The Attempt at a Solution

I am not really sure what is the short oscillation period... but
since there is only 1 force:
F=Fx=ma
-4sin(3*pi*x)=m*(d^2*x)/dt^2

and assuming that the object will move very little (because it's said to be SHORT osccilation period ?)
sin(3*pi*x) is approximately 3*pi*x .
and since
-ω²*x=(d^2*x)/dt^2 is the formula of the harmonic oscillation :
we find ω=12*pi/m
and the T=2*pi*√(m/(12*pi)) ?

and also assuming that in SHORT oscillation :
it is almost like a spring :
F=-12*pi*x=-kx
k=12*pi

potential energy is Ep= k*x^2/2=6*pi*x^2 ?

 

[vela]

Homework Statement

mass "m" object is located near the origin of the coordinate system. External force was exerted on the object depending on the coordinate by the formula of Fx=-4*sin(3*pi*x).

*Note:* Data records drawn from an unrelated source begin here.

(* Let $w$ be a metric on a set $V$ of $n$ points taking positive integer values such that the graph $G_1$ (pairs at distance $1$) is connected, and let $\ell$ be an integer with $0<\ell<n/2$. Then $$\mathsf{TSP}(w)\ \ge\ n+\frac17\sum_{v\in L_\ell}\mathsf{rc}(S_v).$$
   Context: $G_1$ is the graph on $V$ whose edges are the pairs $(u,v)$ with $w(u,v)=1$. $\mathsf{TSP}(w)$ is the minimum weight of a Hamiltonian cycle on $V$ under $w$. A vertex $v$ is $\ell$-light iff there is an edge $e$ of $G_1$ incident to $v$ that is a bridge of $G_1$ and such that the connected component of $G_1\setminus e$ containing $v$ has at most $\ell$ vertices; since $\ell<n/2$ such an edge (the witness $e_v$) is unique, and $S_v$ denotes the connected component of $G_1\setminus e_v$ containing $v$. A vertex $v$ is maximal $\ell$-light iff it is $\ell$-light and there is no other $\ell$-light vertex $u$ with $v\in V(S_u)$; $L_\ell$ is the set of maximal $\ell$-light vertices. For $v\in L_\ell$ and $u\in V(S_v)$, the out-reach distance is $\mathsf{ord}(u)=\min\{w(u,u'):u'\notin V(S_v)\}$. A reconfiguration of $S_v$ is a multiset $R$ of unordered pairs of vertices of $V(S_v)$ whose induced multigraph on $V(S_v)$ is connected; $V_1(R)$ is the set of vertices of odd degree in this multigraph. Its cost is $\mathsf{cost}(R)=\sum_{(u,u')\in R}w(u,u')+\frac12\sum_{u\in V_1(R)}\mathsf{ord}(u)-(|V(S_v)|-1)$, and $\mathsf{rc}(S_v)$ is the minimum cost of a reconfiguration of $S_v$. *)

(* rationals for the half-integer costs. *)
From HB Require Import structures.
From mathcomp Require Import all_boot all_order all_algebra.
From Stdlib Require Import ClassicalEpsilon.
Set Implicit Arguments. Unset Strict Implicit. Unset Printing Implicit Defensive.
Import Order.TTheory GRing.Theory Num.Theory.

Section TSPDefs.
Variables (V : finType) (w : V -> V -> nat) (l : nat).

Definition is_int_metric : Prop :=
  [/\ forall u v, w u v = 0 <-> u = v,
      forall u v, w u v = w v u &
      forall u v x, w u x <= w u v + w v x].

Definition G1 : rel V := fun u v => w u v == 1.

Definition G1_connected : Prop := forall u v, connect G1 u v.

Definition G1_minus (a b : V) : rel V :=
  fun x y => G1 x y && ~~ (((x == a) && (y == b)) || ((x == b) && (y == a))).

Definition is_bridge (a b : V) : bool := G1 a b && ~~ connect (G1_minus a b) a b.

Definition comp_minus (a b x : V) : {set V} := [set y | connect (G1_minus a b) x y].

Definition light_witness (v u : V) : bool :=
  is_bridge v u && (#|comp_minus v u v| <= l).

Definition light (v : V) : bool := [exists u, light_witness v u].

(* S_v (the witness edge is unique when l < n/2; we pick it) *)
Definition S (v : V) : {set V} :=
  if [pick u | light_witness v u] is Some u then comp_minus v u v else set0.

Definition max_light (v : V) : bool :=
  light v && [forall u, ~~ [&& u != v, light u & v \in S u]].

Definition L : {set V} := [set v | max_light v].

(* out-reach distance of u w.r.t. S_v : min over u' outside S_v of w u u'
   (the default value is an upper bound on all weights, so it is the true
   minimum as soon as V(S_v) <> V) *)
Definition wmax : nat := \max_(p : V * V) w p.1 p.2.
Definition ord (v u : V) : nat :=
  \big[minn/wmax]_(u' | u' \notin S v) w u u'.
(* Let $G\le\mathrm{Aut}(\mathcal{T}_d)$ be self-similar. Then $\kappa_k^n(S_n\wr G)\subseteq S_{n+d-1}\wr G$ for all $1\le k\le n$, so the classes $[T_-,g,T_+]$ with $g\in S_n\wr G$ form a subgroup $\mathscr{T}(S_*\wr G)$ of $\mathscr{T}(S_*\wr\mathrm{Aut}(\mathcal{T}_d))$, and the map $[T_-,g,T_+]\mapsto((T_-,g,T_+))$ restricts to an isomorphism $\mathscr{T}(S_*\wr G)\cong V_d(G)$.
   Context: Notation for trees, wreath products, wreath recursion, almost-automorphisms $((T_-,\sigma(f_1,\dots,f_n),T_+))$, $\mathrm{AAut}(\mathcal{T}_d)$, the cloning maps $\kappa_k^n$ and the construction $\mathscr{T}(S_*\wr G)$: Fix $d\ge2$, $X=\{1,\dots,d\}$, $\mathcal{T}_d$ the rooted $d$-ary tree on $X^*$. $S_n\wr G=S_n\ltimes G^n$ with $\sigma(f_1,\dots,f_n)\tau(g_1,\dots,g_n)=\sigma\tau(f_{\tau(1)}g_1,\dots,f_{\tau(n)}g_n)$ (permutations act on the left). Each $f\in\mathrm{Aut}(\mathcal{T}_d)$ has wreath recursion $f=\rho(f)(f_1,\dots,f_d)$ with $f(xw)=\rho(f)(x)f_x(w)$; $G$ is self-similar if all $f_x$ lie in $G$ for all $f\in G$, $x\in X$. For finite rooted complete subtrees $T_\pm$ with $n$ leaves ($u_i$ leaves of $T_-$, $v_i$ of $T_+$, ordered left to right), $((T_-,\sigma(f_1,\dots,f_n),T_+))$ is the homeomorphism of $\partial\mathcal{T}_d$ with $v_iw\mapsto u_{\sigma(i)}f_i(w)$. $V_d(G)$ is the subgroup of $\mathrm{AAut}(\mathcal{T}_d)$ of all such homeomorphisms with all $f_i\in G$. The cloning map is $(\sigma(f_1,\dots,f_n))\kappa_k^n=(\sigma)\varsigma_k^n\rho(f_k)^{(k)}(f_1,\dots,f_{k-1},f_k^1,\dots,f_k^d,f_{k+1},\dots,f_n)$ where $f_k=\rho(f_k)(f_k^1,\dots,f_k^d)$, $\tau^{(k)}\in S_{n+d-1}$ acts as $k+j-1\mapsto k+\tau(j)-1$ on $\{k,\dots,k+d-1\}$ and trivially elsewhere, and $(\sigma)\varsigma_k^n\in S_{n+d-1}$ is the permutation obtained from $\sigma$ by replacing the point $k$ of the domain by the block $k,\dots,k+d-1$ and the point $\sigma(k)$ of the range by the block $\sigma(k),\dots,\sigma(k)+d-1$, mapping the block order-preservingly ($k+j\mapsto\sigma(k)+j$) and shifting other points to preserve their relative order. $\mathscr{T}(S_*\wr G)$ is the set of triples $(T_-,g,T_+)$ ($T_\pm$ with $n$ leaves, $g\in S_n\wr G$) modulo the equivalence generated by expansions $(T_-,g,T_+)\to(T_-',(g)\kappa_k^n,T_+')$ ($T_+'$: $d$-caret added at $k$th leaf of $T_+$; $T_-'$: $d$-caret added at $\rho_n(g)(k)$th leaf of $T_-$, where $\rho_n(\sigma(\vec g))=\sigma$), with product $[T_-,f,T_+][T_+,g,U_+]=[T_-,fg,U_+]$. *)

From HB Require Import structures.
From mathcomp Require Import all_boot.
From Stdlib Require Import Relations.
Set Implicit Arguments. Unset Strict Implicit. Unset Printing Implicit Defensive.

(* Alphabet X = 'I_d (letters 0..d-1 stand for 1..d); vertices of T_d are  *)
(* words seq 'I_d; the boundary is nat -> 'I_d.                            *)

(* candidate tree maps; Aut(T_d) = those satisfying is_aut *)
Definition aut (d : nat) := seq 'I_d -> seq 'I_d.

Definition is_aut d (f : aut d) : Prop :=
  [/\ (forall w, size (f w) = size w),
      (forall w x, take (size w) (f (rcons w x)) = f w)
    & bijective f].

(* wreath recursion f = rho(f)(f_1,...,f_d):  f (x :: w) = rho f x :: f_x w *)
Definition rho d (f : aut d) (x : 'I_d) : 'I_d := head x (f [:: x]).
Definition section d (f : aut d) (x : 'I_d) : aut d := fun w => behead (f (x :: w)).
(* rho on natural-number indices (identity outside 0..d-1) *)
Definition rhoN d (f : aut d) (j : nat) : nat :=
  match (insub j : option 'I_d) with Some x => val (rho f x) | None => j end.

Definition subgroup_aut d (G : aut d -> Prop) : Prop :=
  [/\ (forall f, G f -> is_aut f), G id,
      (forall f g, G f -> G g -> G (f \o g))
    & (forall f, G f -> exists g, [/\ G g, f \o g =1 id & g \o f =1 id])].

Definition self_similar d (G : aut d -> Prop) : Prop :=
  forall f x, G f -> G (section f x).

Inductive tree := Leaf | Node of seq tree.

Fixpoint wf_tree (d : nat) (T : tree) : bool :=
  match T with
  | Leaf => true
  | Node ts => (size ts == d) &&
      (fix aux ts := match ts with [::] => true | t :: ts' => wf_tree d t && aux ts' end) ts
  end.

Fixpoint leaves (d : nat) (T : tree) : seq (seq 'I_d) :=
  match T with
  | Leaf => [:: [::]]
  | Node ts =>
      (fix aux (j : nat) (ts : seq tree) : seq (seq 'I_d) :=
         match ts with
         | [::] => [::]
         | t :: ts' =>
             match (insub j : option 'I_d) with
             | Some x => [seq x :: w | w <- leaves d t]
             | None => [::]
             end ++ aux j.+1 ts'
         end) 0 ts
  end.

(* add a d-caret at the k-th leaf (0-indexed, left to right) *)
Fixpoint addCaret (d : nat) (k : nat) (T : tree) : tree :=
  match T with
  | Leaf => if k == 0 then Node (nseq d Leaf) else Leaf
  | Node ts =>
      Node ((fix aux (k : nat) (ts : seq tree) : seq tree :=
               match ts with
               | [::] => [::]
               | t :: ts' =>
                   let m := size (leaves d t) in
                   if k < m then addCaret d k t :: ts' else t :: aux (k - m) ts'
               end) k ts)
  end.

(* Elements of S_n wr G: a permutation sigma of {0..n-1}, given as the     *)
(* list of its values [sigma 0; ...; sigma (n-1)], and a list of n tree    *)
(* maps [f_0; ...; f_(n-1)] (0-indexed).                                   *)
Definition is_perm (n : nat) (s : seq nat) : bool := perm_eq s (iota 0 n).

Definition in_wr d (P : aut d -> Prop) (n : nat) (s : seq nat) (fs : seq (aut d)) : Prop :=
  [/\ is_perm n s, size fs = n & forall i, i < n -> P (nth id fs i)].

(* cloning map kappa_k^n (k 0-indexed): permutation part
   (sigma)varsigma_k^n composed (on the left action convention) with rho(f_k)^(k) *)
Definition clone_perm d (k : nat) (s : seq nat) (fs : seq (aut d)) : seq nat :=
  let sk := nth 0 s k in
  let sh j := if j < sk then j else j + d.-1 in
  let vs i := if i < k then sh (nth 0 s i)
              else if i < k + d then sk + (i - k)
              else sh (nth 0 s (i - d.-1)) in
  let rk i := if (k <= i) && (i < k + d) then k + rhoN (nth id fs k) (i - k) else i in
  mkseq (fun i => vs (rk i)) (size s + d.-1).

Definition clone_maps d (k : nat) (fs : seq (aut d)) : seq (aut d) :=
  take k fs ++ [seq section (nth id fs k) x | x <- enum 'I_d] ++ drop k.+1 fs.

Record triple d := Triple { tm : tree; sg : seq nat; fs : seq (aut d); tp : tree }.
Arguments Triple {d}.

Definition valid_with d (P : aut d -> Prop) (x : triple d) : Prop :=
  [/\ wf_tree d (tm x), wf_tree d (tp x),
      size (leaves d (tm x)) = size (sg x),
      size (leaves d (tp x)) = size (sg x)
    & in_wr P (size (sg x)) (sg x) (fs x)].

Definition valid d (x : triple d) := valid_with (@is_aut d) x.

(* expansion at the k-th leaf of T_+ (k 0-indexed) *)
Definition expand d (k : nat) (x : triple d) : triple d :=
  Triple (addCaret d (nth 0 (sg x) k) (tm x))
         (clone_perm k (sg x) (fs x))
         (clone_maps k (fs x))
         (addCaret d k (tp x)).

Definition expansion d (x y : triple d) : Prop :=
  valid x /\ exists k, k < size (sg x) /\ y = expand k x.

Definition equivT d : relation (triple d) := clos_refl_sym_trans _ (@expansion d).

Find the short oscillation period, and the potential energy depending on the coordinate.

Homework Equations

F=ma

The Attempt at a Solution

I am not really sure what is the short oscillation period... but
since there is only 1 force:
F=Fx=ma
-4sin(3*pi*x)=m*(d^2*x)/dt^2

and assuming that the object will move very little (because it's said to be SHORT osccilation period ?)
sin(3*pi*x) is approximately 3*pi*x .
and since
-ω²*x=(d^2*x)/dt^2 is the formula of the harmonic oscillation :
we find ω=12*pi/m
and the T=2*pi*√(m/(12*pi)) ?

This is fine.

and also assuming that in SHORT oscillation :
it is almost like a spring :
F=-12*pi*x=-kx
k=12*pi

potential energy is Ep= k*x^2/2=6*pi*x^2 ?

I think the problem is looking for the potential corresponding to the original force, not the approximation.

 

[Misheel]

Thank You for your reply, Vela

umm...then, i have no other ideas other than using FORCE to solve this problem :PP which is :
F=-kx
Fx=F=-4*sin(3*pi*x)=-kx from this
we find k=4*sin(3*pi*x)/x
so Ep=kx^2/2=2*sin(3*pi*x)*x ?

is it right ? :P

Thanks

 

[vela]

How are potential energy and force related in general?

 

[Misheel]

How are potential energy and force related in general?

Maybe the work done by force is divided into object's konetik and potential energy ?